Canon S90 pics with 'HCB Tri-X' mode ;)

Those are cool, very nice! It's interesting to watch the film only folks get more and more insecure are time goes by and digital technology advances. I don't think the OP ever said that this was better than B&W film yet several people have gone out of their way to say how much better film is. Hmm....


Agreed. The tone of many of the posts has been pretty snobby, which I would expect here but even still. haha.
 
The problem with digital film emulation is:

1-It emulates the look of scanned film, not darkroom printed. And scanned film has no grain, it has aliasing due to the scanning device; this aliasing can be quite different to a wet print and, unfortunately, prints don't scan well.

2-There is NO and absolutely NO such thing as Tri-X "grain", silver fx and all are missing the boat.

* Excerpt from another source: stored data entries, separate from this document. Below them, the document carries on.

Lemma commutes_after_upd k k' v : (k' <= k)%nat -> commutes_after k (fun e => upd e k' v).
Proof. intros Hk i e w Hi. apply upd_comm. lia. Qed.

Definition path_gap (x : R) (phi1 phi2 : (nat -> R) -> nat -> R) (c : (nat -> R) -> R)
  (j : nat) (e : nat -> R) : R :=
  (Xn T n b s x (phi1 e) j - Xn T n b s x (phi2 e) j) * c e.

Lemma path_gap_upd_after x phi1 phi2 c k l e i v :
  commutes_after k phi1 -> commutes_after k phi2 ->
  (forall e, c (upd e i v) = c e) -> (k < i)%nat -> (l < i)%nat ->
  path_gap x phi1 phi2 c l (upd e i v) = path_gap x phi1 phi2 c l e.
Proof.
  intros H1 H2 Hc Hki Hli. unfold path_gap.
  rewrite H1, H2, Hc, !Xn_upd_after by auto. reflexivity.
Qed.

Lemma path_gap_recursion (K x : R) phi1 phi2 c k j e :
  (forall y z, Rabs (b (tj T n (S j)) y - b (tj T n (S j)) z) <= K * Rabs (y - z)) ->
  (forall y z, Rabs (s (tj T n (S j)) y - s (tj T n (S j)) z) <= K * Rabs (y - z)) ->
  commutes_after k phi1 -> commutes_after k phi2 ->
  (forall e w, c (upd e (S j) w) = c e) -> (k <= j)%nat -> 0 < c e ->
  exists al be,
    Rabs al <= K * Rabs (path_gap x phi1 phi2 c j e) /\
    Rabs be <= K * Rabs (path_gap x phi1 phi2 c j e) /\
    forall w, path_gap x phi1 phi2 c (S j) (upd e (S j) w)
      = path_gap x phi1 phi2 c j e + step T n * al + sqrt (step T n) * be * w.
Proof.
  intros Hb Hs H1 H2 Hc Hkj Hce. unfold path_gap.
  set (y1 := Xn T n b s x (phi1 e) j). set (y2 := Xn T n b s x (phi2 e) j).
  set (t := tj T n (S j)).
  exists ((b t y1 - b t y2) * c e), ((s t y1 - s t y2) * c e).
  rewrite !Rabs_mult, (Rabs_pos_eq (c e)), <- !Rmult_assoc by lra.
  split; [|split]; [apply Rmult_le_compat_r; [lra | first [apply Hb | apply Hs]] ..|].
  intros w. rewrite H1, H2, Hc, !Xn_upd_succ by lia. unfold euler. fold y1 y2 t. ring.
Qed.

End EulerScheme.
Lemma dformn_mod n B : dformn n B = dformn (ord_mod n) B.
Proof.
apply: eq_bigr => j _; rewrite (eq_bb m a j (esym (modn_mod n m))) /=.
rewrite eb_mod [eb (_ %% m) _]eb_mod [eb (n + j) _]eb_mod [eb (_ %% m + j) _]eb_mod /=.
by rewrite modnDml modn_mod.
Qed.

(* Since [e_(0,_) = 0] and [b_(0,j) = 1], [dformn 0 B] is [- y] times the
   vanishing alternating sum. *)
Lemma dformn_mod0 n B : (n %% m = 0)%N -> pos_set B -> dformn n B = 0.
Proof.
move=> z Bpos; rewrite /dformn (eq_bigr (fun j => - vscale yv (vscale (sgn j B) (eb j (B :\ j))))).
  by rewrite sumrN -vscale_sumr sum_sgn_eb_setD1 // vscale0r oppr0.
move=> j jB; have jmod : ((n + j) %% m = j %% m)%N by rewrite -modnDml z.
have j_gt0 : (0 < j)%N by move/pos_setP: Bpos; apply.
rewrite eb_mod0 // vscale0r sub0r /Defs.bb jmod (negbTE (pos_mod j_gt0)).
rewrite cc_mod0 // eb_mod [eb j _]eb_mod /= jmod.
by apply/ffunP => q; rewrite !ffunE addn0 expr1; ring.
Qed.

Lemma valid_setU1D1 (i l : 'I_m) B : (0 < i)%N -> pos_set B -> below i B -> l \in B ->
  valid #|B| (l, (i |: B) :\ l).
Proof.
move=> i_gt0 /pos_setP Bpos iB lB; have iNB := notin_below iB.
have il : i != l by apply: contraNneq iNB => ->.
apply/and4P; split => /=.
- exact: Bpos.
- have := cardsD1 l (i |: B); rewrite in_setU1 lB orbT cardsU1 iNB.
  by move=> /eqP; rewrite eqn_add2l eq_sym.
- by apply/pos_setP => t; rewrite !inE => /andP[_ /predU1P[->|/Bpos]].
- have il_lt : (i < l)%N by move/belowP: iB; apply.
  by apply/negP => /belowP /(_ i); rewrite !inE eqxx il => /(_ isT); rewrite ltnNge ltnW.
Qed.

(* The alternating identity on [i |: B] expresses the formal [dformn i B]
   through the [dformn] of genuine basis elements. *)
Lemma dformn_below (i : 'I_m) B : (0 < i)%N -> pos_set B -> below i B ->
  dformn i B = \sum_(l in B) vscale (sgn l B) (dformn l ((i |: B) :\ l)).
Proof.
move=> i_gt0 Bpos iB; have iNB := notin_below iB.
have iBpos : pos_set (i |: B).
  by apply/pos_setP => t /setU1P[-> //|]; move/pos_setP: Bpos; apply.
move: (sum_sgn_dformn_setD1 iBpos); rewrite (bigD1 i) ?setU11 //= setU1K //.
rewrite sgn_min ?vscale1 => [|l /setU1P[->//|/(belowP _ _ iB)/ltnW//]].
rewrite (eq_bigl (fun l => l \in B)) => [|l]; last first.
  by rewrite !inE; case: (eqVneq l i) => [->|_]; rewrite ?(negbTE iNB) ?andbT.
move/eqP; rewrite addr_eq0 => /eqP ->; rewrite -sumrN; apply: eq_bigr => l lB.
have il : (i < l)%N by move/belowP: iB; apply.
by rewrite (sgn_setD1 l (setU11 i B)) setU1K // il expr1 mulN1r vscaleNl opprK.
Qed.
(* If [d (x n) q] decreases to [L], uniform convexity at radius [L] forbids
   [d (x n) (T (x n)) >= eps] once [d (x n) q < L + eta], since [x (S n)] is their midpoint. *)
Lemma iterates_asymptotically_regular q : B q -> T q = q ->
  Un_cv (fun n => d (x n) (T (x n))) 0.
Proof.
  intros Bq Tq.
  destruct (glb_nonneg_approx (fun r => exists n, r = d (x n) q)) as [L [HL0 [Hglb Happrox]]].
  { exists (d (x 0%nat) q), 0%nat. reflexivity. } { intros r [n ->]. apply dist_ge0. }
  intros eps Heps.
  destruct (uniform_convexity_gain L eps HL0 Heps) as [eta [kap [Heta [Hkap Hgain]]]].
  destruct (Happrox eta Heta) as [r [[N ->] HN]].
  exists N. intros n Hn. unfold Rdist. rewrite Rminus_0_r, Rabs_pos_eq by apply dist_ge0.
  apply Rnot_le_lt. intro Hfar.
  pose proof (decreasing_prop _ N n (iterates_fejer q Bq Tq) Hn).
  pose proof (T_rne _ _ (x_A n) Bq) as HT. rewrite Tq in HT.
  pose proof (Hgain q (x n) (T (x n)) (x (S n)) ltac:(lra) ltac:(lra) Hfar (x_mid n)).
  specialize (Hglb _ (ex_intro _ (S n) eq_refl)). lra.
Qed.
Lemma merged_covers_edge x y : F x y || G x y ->
  has (fun B : {set T} => (x \in B) && (y \in B)) merged.
Proof.
have [_ s_edge _ _] := s_dec.
case/orP=> [/s_edge/merged_has_pair //|Gxy].
case: (boolP (x \in U)) => xU; case: (boolP (y \in U)) => yU.
- apply/merged_has_pair/s_edge.
  exact: (acyclic_connect_edge e_simple e_acyclic Fe (F_connected xU yU) (Ge Gxy)).
- exact: merged_cross_edge.
- rewrite G_sym in Gxy; apply: sub_has (merged_cross_edge Gxy yU xU) => B.
  by rewrite andbC.
- by apply: merged_outer_edge; apply/and3P.
Qed.

Lemma merged_covers_vertex x : x \in U :|: W -> has (fun B : {set T} => x \in B) merged.
Proof.
move=> xUW; case: (boolP (x \in U)) => xU.
  have [_ _ /(_ x xU) x_in_s _] := s_dec.
  by apply: (merged_has_s _ x_in_s) => B B' /subsetP; apply.
have xW : x \in W by move: xUW; rewrite inE (negPf xU).
have [_ _ /(_ x xW) /(has_nthP set0)[q qt xq] _] := t_dec.
apply: (has_merged (attach_index_le x) (ltnW qt)) => /=.
by rewrite mem_merged_bag xq xU eqxx orbT.
Qed.

Lemma merged_interpolates x m1 m2 m3 : m1 <= m2 -> m2 <= m3 -> m3 < size merged ->
  x \in nth set0 merged m1 -> x \in nth set0 merged m3 -> x \in nth set0 merged m2.
Proof.
have [_ _ _ s_int] := s_dec; have [_ _ _ t_int] := t_dec.
move=> m12 m23 m3_lt; rewrite size_mkseq in m3_lt; rewrite !nth_mkseq; [|lia..].
set n := block_size; rewrite !mem_merged_bag; case: (boolP (x \in U)) => xU /=.
  rewrite !andbF !orbF => x1 x3.
  apply: (s_int x (m1 %/ n) _ (m3 %/ n)); rewrite ?leq_div2r //.
  exact: mem_nth_set_lt x3.
have notin_s j : x \in nth set0 s j = false.
  by apply: contraNF xU => /(path_decomposition_mem_nth s_dec).
rewrite !notin_s /= => /andP[x1 /eqP h1] /andP[x3 /eqP h3].
have h2 : m2 %/ n = attach_index x.
  by apply/eqP; rewrite eqn_leq {1}h3 h1 !leq_div2r.
rewrite h2 eqxx andbT; apply: (t_int x (m1 %% n) _ (m3 %% n)) => //.
- by rewrite leq_mod_eq_div // h2 h1.
- by rewrite leq_mod_eq_div // h2 h3.
- exact: mem_nth_set_lt x3.
Qed.

Lemma merged_decomposition :
  path_decomposition (U :|: W) [rel x y | F x y || G x y] merged.
Proof.
split; [|exact: merged_covers_edge|exact: merged_covers_vertex|exact: merged_interpolates].
apply/allP => B /mapP[m _ ->]; apply/subsetP => x; rewrite mem_merged_bag inE.
case/orP=> [/(path_decomposition_mem_nth s_dec)->//|/and3P[xq _ _]].
by rewrite (path_decomposition_mem_nth t_dec xq) orbT.
Qed.

Lemma merged_width :
  \max_(B <- merged) #|B| <= \max_(B <- s) #|B| + \max_(B <- t) #|B|.
Proof.
apply/bigmax_leqP_seq => B /mapP[m _ ->] _.
apply: leq_trans (leq_of_leqif (leq_card_setU _ _)) _.
apply: leq_add (leq_card_nth_bigmax _ _) (leq_trans _ (leq_card_nth_bigmax t (m %% block_size))).
by apply/subset_leq_card/subsetP => d; rewrite inE => /andP[].
Qed.

End Merge.

Section SubtreeUnion.
Variables (T : finType) (e : rel T) (k : nat).
Variables (V : 'I_k -> {set T}) (E : 'I_k -> rel T).
Hypotheses (e_tree : is_tree e) (E_subtree : forall i, subtree e (V i) (E i)).
Hypothesis e_covered : forall x y, e x y -> exists i, E i x y.

Definition union_vertices (S : {set 'I_k}) : {set T} := \bigcup_(i in S) V i.

Definition union_edges (S : {set 'I_k}) : rel T := fun x y => [exists i in S, E i x y].

Definition union_decomposable (S : {set 'I_k}) : Prop :=
  {in union_vertices S &, forall x y, connect (union_edges S) x y} /\
  exists2 s, path_decomposition (union_vertices S) (union_edges S) s &
    \max_(B <- s) #|B| <= \sum_(i in S) (pathwidth (V i) (E i)).+1.

Lemma subtree_edge i x y : E i x y -> [&& e x y, x \in V i & y \in V i].
Proof. by have [[_ EV] _ _] := E_subtree i; apply: EV. Qed.

Lemma union_edgesU1 S i x y :
  union_edges (i |: S) x y = union_edges S x y || E i x y.
Proof.
apply/existsP/orP => [[j /andP[]]|[/existsP[j /andP[jS Ej]]|Ei]].
- rewrite !inE => /orP[/eqP-> ->|jS Ej]; first by right.
  by left; apply/existsP; exists j; rewrite jS.
- by exists j; rewrite inE jS orbT.
- by exists i; rewrite setU11.
Qed.

Lemma union_edges_sub S : subrel (union_edges S) e.
Proof. by move=> x y /existsP[i /andP[_ /subtree_edge/andP[]]]. Qed.

Lemma union_decomposable0 : union_decomposable set0.
Proof.
rewrite /union_decomposable /union_vertices big_set0; split=> [x y|]; first by rewrite inE.
exists [::]; last by rewrite big_nil.
by split=> // [x y /existsP[i]|x]; rewrite inE.
Qed.

Lemma union_decomposableU1 (S : {set 'I_k}) i : i \notin S ->
  (union_vertices S != set0 -> union_vertices S :&: V i != set0) ->
  union_decomposable S -> union_decomposable (i |: S).
Proof.
move=> iS meet [S_conn [s s_dec s_width]].
have [[E_sym _] _ E_conn] := E_subtree i.
have [t t_dec t_width] : exists2 t, path_decomposition (V i) (E i) t &
    \max_(B <- t) #|B| <= (pathwidth (V i) (E i)).+1.
  by apply: optimal_path_decomposition => x y /subtree_edge/and3P[_ -> ->].
have [e_simple _ _ e_acyclic] := e_tree.
have Ei_sub : subrel (E i) e by move=> x y /subtree_edge/andP[].
have vertsE : union_vertices (i |: S) = union_vertices S :|: V i.
  by rewrite /union_vertices big_setU1 //= setUC.
have edgesE : union_edges (i |: S) =2 [rel x y | union_edges S x y || E i x y].
  by move=> x y; rewrite union_edgesU1.
split.
  rewrite vertsE => x y xU yU; rewrite (eq_connect edgesE).
  exact: connect_setU S_conn E_conn meet x y xU yU.
exists (merged (union_vertices S) (E i) s t).
  rewrite vertsE; apply: sub_path_decomposition (merged_decomposition e_simple e_acyclic
    (@union_edges_sub S) Ei_sub E_sym S_conn s_dec t_dec) => x y.
  by rewrite edgesE.
rewrite big_setU1 //= addnC; apply: leq_trans (merged_width _ _ _ _) _.
exact: leq_add.
Qed.

Lemma exists_attachable (S : {set 'I_k}) : #|S| < k -> exists2 i, i \notin S &
  (union_vertices S != set0 -> union_vertices S :&: V i != set0).
Proof.
move=> S_small; have /card_gt0P[i0] : 0 < #|~: S|.
  by move: (cardsC S); rewrite card_ord; lia.
rewrite inE => i0S.
have [U0|/set0Pn[x xU]] := eqVneq (union_vertices S) set0; first by exists i0; rewrite ?U0.
case: (pickP (fun y => y \notin union_vertices S)) => [y yU|U_full].
  have [_ _ e_conn _] := e_tree.
  have [u [w [euw uU wU]]] := connect_exit_edge (e_conn x y) xU yU.
  have [i /subtree_edge/and3P[_ uV wV]] := e_covered euw.
  exists i; last by move=> _; apply/set0Pn; exists u; rewrite inE uU uV.
  by apply: contra wU => iS; apply/bigcupP; exists i.
exists i0 => // _; have [_ /set0Pn[v vV] _] := E_subtree i0.
by apply/set0Pn; exists v; rewrite inE vV andbT; move/negbFE: (U_full v).
Qed.

Lemma union_decomposable_card j :
  j <= k -> exists2 S : {set 'I_k}, #|S| = j & union_decomposable S.
Proof.
elim: j => [|j IHj] jk; first by exists set0; [exact: cards0 | exact: union_decomposable0].
have [S S_card S_dec] := IHj (ltnW jk).
have [|i iS meet] := @exists_attachable S; first by rewrite S_card.
exists (i |: S); first by rewrite cardsU1 iS S_card.
exact: union_decomposableU1.
Qed.

Lemma union_decomposableT : union_decomposable [set: 'I_k].
Proof.
have [S S_card S_dec] := union_decomposable_card (leqnn k).
suff -> : [set: 'I_k] = S by [].
by apply/eqP; rewrite eq_sym eqEcard subsetT cardsT card_ord S_card leqnn.
Qed.

End SubtreeUnion.

Theorem corollary8 (T : finType) (e : rel T) (k : nat)
    (V : 'I_k -> {set T}) (E : 'I_k -> rel T) :
  is_tree e ->
  (forall i, subtree e (V i) (E i)) ->
  \bigcup_(i < k) V i = [set: T] ->
  (forall x y, e x y -> exists i, E i x y) ->
  (pathwidth [set: T] e).+1 <= \sum_(i < k) (pathwidth (V i) (E i)).+1.
Proof.
move=> e_tree E_subtree V_cover e_covered.
have [_ [s s_dec s_width]] := union_decomposableT e_tree E_subtree e_covered.
have verts_full : union_vertices V [set: 'I_k] = [set: T].
  by rewrite -V_cover; apply: eq_bigl => i; rewrite inE.
have e_dec : path_decomposition [set: T] e s.
  rewrite -verts_full; apply: sub_path_decomposition s_dec => x y /e_covered[i Ei].
  by apply/existsP; exists i; rewrite inE.
have [_ /card_gt0P[x _] _ _] := e_tree.
apply: leq_trans (pathwidth_lt_max (in_setT x) e_dec) (leq_trans s_width _).
by apply/eq_leq/eq_bigl => i; rewrite inE.
Qed.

There is Tri-X in Rodinal, and Tri-x in D76, Tri-x in D76 1+1 at 20o or at 24o, with a lot of agitation or not, and on and on and on.

3-In color, it gets even more complicated as computers have a very very very limited color gamut. Shoot red dominant subjects with slide film, then with digital... you will see the difference. Again, the problem is that if you scan slides you end up with pretty much the same limitations as shooting directly in digital.

Digital is good at what it does best, and it is surely not look like film.

Take digital for what it is, it has a lot of qualities, but those are surely quite different.

K
 
Agreed. The tone of many of the posts has been pretty snobby, which I would expect here but even still. haha.

Sure, if you don't like the pictures, you must be a snob.

Anyway, I'm not even film only, I just think digital and film have different uses. Trying to emulate film with digital just seems kinda stupid, because if you want that look: JUST SHOOT FILM!
 
It just looks like digital noise to me. The "grain" is just not consistent enough or tight enough throughout the image. It's just blotchy-ness. If the manufacturer wants to emulate film grain, they would be better off capturing the cleanest image and applying some PS-type filter.

Maybe adding some sharpening to the image would help the effect (?).

Btw, I don't think my dislike of this effect is snobbery, so much as it's just my experience with both film and digital rearing up. It doesn't look like film grain, and it's an undesirable digital artifact. So for me it's a double whammy that offends (for lack of a better word) both my film and digital senses. :)

I think you did pick some good subjects to show the effect (particularly the front of the car which is very Gibson-like--as someone noted earlier).

/
 
Personally, I wish there was a way to turn off/on the grain effect at will. The tonality that mode gives works quite well for me in a lot of settings, but the grain can sometimes be a bit overpowering - regardless of it's relative "authenticity".